Now what I need is an interesting result about this theory to reach in this thesis. Deep, recent, hard, sophisticated or not... Even if it's an application of the theory to another area.
Hope the mods won't be mad about this.
Any help will be appreciated.
Thanks in advance. 
HTTT.
 A: Sorry I'm a little late but here are some. Note: Though I am an operator algebraist, I'm not a $C^*$-algebraist. Also (from my understanding) $C^*$-algebras are not as useful in representation theory as say some of the founders of the theory had desired. So much of this will be purely for operator algebra interests though there is some applications. Finally I'm not quite sure what level you want (is this for a master's thesis?). But enough with the preliminaries...
1.) K-theory. This is a quite large area (here I include K-homology and the bivariant KK-theory) including BDF theory and much of the classical topological K-theory. In fact there is a reasonably short proof of Bott periodicity by Cuntz (this is suitable for an undergrad honor thesis, it was mine). Going on from this you can go onto to classify approximatly finite dimensional algebras.

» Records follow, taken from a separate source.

Lemma fstar_cst (c : C) : fstar (fun _ : M => c) = (fun=> c).
Proof.
apply: fstar_unique (Cb_cst c) _ (fun _ _ _ => erefl).
by move=> B e e0; exists setT => [|B' _]; [exact: qfamT|rewrite subrr normr0 ltcR].
Qed.

Lemma fstarZ (c : C) phi : Cb phi -> fstar (fun x => c * phi x) = (fun B => c * fstar phi B).
Proof. by move=> phiCb; rewrite (fstarM (Cb_cst c) phiCb) fstar_cst. Qed.

Lemma fstar_conjC phi : Cb phi -> fstar (fun x => (phi x)^*) = (fun B => (fstar phi B)^*).
Proof.
move=> phiCb; apply: fstar_unique (Cb_conjC phiCb) _ _.
  exact: qcontinuous_conj (fstar_qcontinuous phiCb).
by move=> B x Bx; rewrite (fstar_over phiCb Bx).
Qed.

End Fstar.

Section Descent.
Variables (R : realType) (M : topologicalType) (psi : quasipoint M -> R[i]).
Hypotheses (psi_qcont : qcontinuous psi) (psi_pt : pt_constant psi).
Local Notation C := (R[i] : numClosedFieldType).

Definition descend (x : M) : C := psi (qpoint_of x).

Lemma descend_over B x : Defs.over B x -> psi B = descend x.
Proof. by move=> Bx; apply: psi_pt Bx (@qpoint_of_over _ x). Qed.

Lemma descend_continuous : continuous descend.
Proof.
move=> x; apply/cvgrPdist_lt => e e0; apply: contrapT => far.
pose far_in N := [set B | exists2 y, N y /\ ~ `|descend x - descend y| < e & Defs.over B y].
pose F := filter_from (nbhs x) far_in.
have PF : ProperFilter F.
  apply: filter_from_proper => [|N Nx].
    apply: filter_from_filter => [|N N' Nx N'x]; first by exists setT; exact: filterT.
    exists (N `&` N') => [|B [y [[Ny N'y] ey] By]]; first exact: filterI.
    by split; exists y.
  have [y [Ny ey]] : exists y, N y /\ ~ `|descend x - descend y| < e.
    apply: contrapT => near_x; apply: far; apply: filterS Nx => y Ny.
    by apply: contrapT => ey; apply: near_x; exists y.
  by exists (qpoint_of y), y; last exact: qpoint_of_over.
have [B FB] := quasipoint_cluster PF.
have Bx : Defs.over B x.
  move=> V BV W Wx; have FW : F (far_in (interior W)).
    by exists (interior W) => //; exact: nbhs_interior.
  have BV' : qnbhs B [set B' | qfam B' V] by exists V.
  have [B' [[y [Wy _] B'y] B'V]] := FB _ _ FW BV'.
  exact: B'y V B'V W Wy.
have /qcontinuousP psi_cvg := psi_qcont.
have near_B : \forall B' \near qnbhs B, `|psi B - psi B'| < e.
  exact: cvgr_dist_lt (psi_cvg B) _ e0.
have FT : F (far_in setT) by exists setT => //; exact: filterT.
have [B' [[y [_ ey] B'y] B'e]] := FB _ _ FT near_B.
by apply: ey; rewrite -(descend_over Bx) -(descend_over B'y).
Qed.

Lemma descend_Cb : Cb descend.
Proof.
split; first exact: descend_continuous.
by have [r psi_r] := qcontinuous_bounded psi_qcont; exists r => x; apply: psi_r.
Qed.

Lemma fstar_descend : fstar descend = psi.
Proof. exact: fstar_unique descend_Cb psi_qcont (fun B x Bx => descend_over Bx). Qed.

End Descent.

Theorem theorem2p45 (R : realType) (M : topologicalType) (HM : hausdorff_space M) :
  (* f_* maps C_b(M) into C^pt(Q(T(M))) *)
  (forall phi : M -> R[i], Cb phi -> Cpt (fstar phi)) /\
  (* f_* is a *-homomorphism *)
  (forall phi chi : M -> R[i], Cb phi -> Cb chi ->
     fstar (fun x => phi x + chi x) = (fun B => fstar phi B + fstar chi B)) /\
  (forall phi chi : M -> R[i], Cb phi -> Cb chi ->
     fstar (fun x => phi x * chi x) = (fun B => fstar phi B * fstar chi B)) /\
  (forall (c : R[i]) (phi : M -> R[i]), Cb phi ->
     fstar (fun x => c * phi x) = (fun B => c * fstar phi B)) /\
  (forall phi : M -> R[i], Cb phi ->
     fstar (fun x => (phi x)^*) = (fun B => (fstar phi B)^*)) /\
  (* f_* is injective on C_b(M) *)
  (forall phi chi : M -> R[i], Cb phi -> Cb chi -> fstar phi = fstar chi -> phi = chi) /\
  (* f_* is onto C^pt(Q(T(M))) *)
  (forall psi : quasipoint M -> R[i], Cpt psi -> exists2 phi, Cb phi & fstar phi = psi).
Proof.
split=> [phi phiCb|]; first split.
- exact: fstar_qcontinuous.
- by move=> B1 B2 x B1x B2x; rewrite (fstar_over phiCb B1x) (fstar_over phiCb B2x).
split; first exact: fstarD.
split; first exact: fstarM.
split; first exact: fstarZ.
split; first exact: fstar_conjC.
split=> [phi chi phiCb chiCb phi_chi|psi [psi_qcont psi_pt]].
  apply/funext => x; have [B Bx] := exists_over x.
  by rewrite -(fstar_over phiCb Bx) -(fstar_over chiCb Bx) phi_chi.
by exists (descend psi); [exact: descend_Cb|exact: fstar_descend].
Qed.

2.) Related to the first there is the theory of nuclear $C^*$-algebras. This could include, Haagerup's characterization as amenable $C^*$-algebras as well as Eliot's classification theory.
3.) Non-commutative geometry. This is a HUGE area (in fact it subsumes 1) but specifically things which I think are particularly nice are the Baum-Connes conjecture related things. In particular the proof of Baum-Connes for groups with the Haagerup property (I haven't looked at this so am not sure if this at an appropriate level). There is also the related work on the strong Novikov conjecture. 
4.) Kirchberg's work on exact $C^*$-algebras.
5.) Ozawa work on solid von Neumann algebras uses significant amount of $C^*$-algebra theory (though these methods have been subsumed by now by other methods).
These are just a few. I can give some references if you would like, I know this is alot to take in.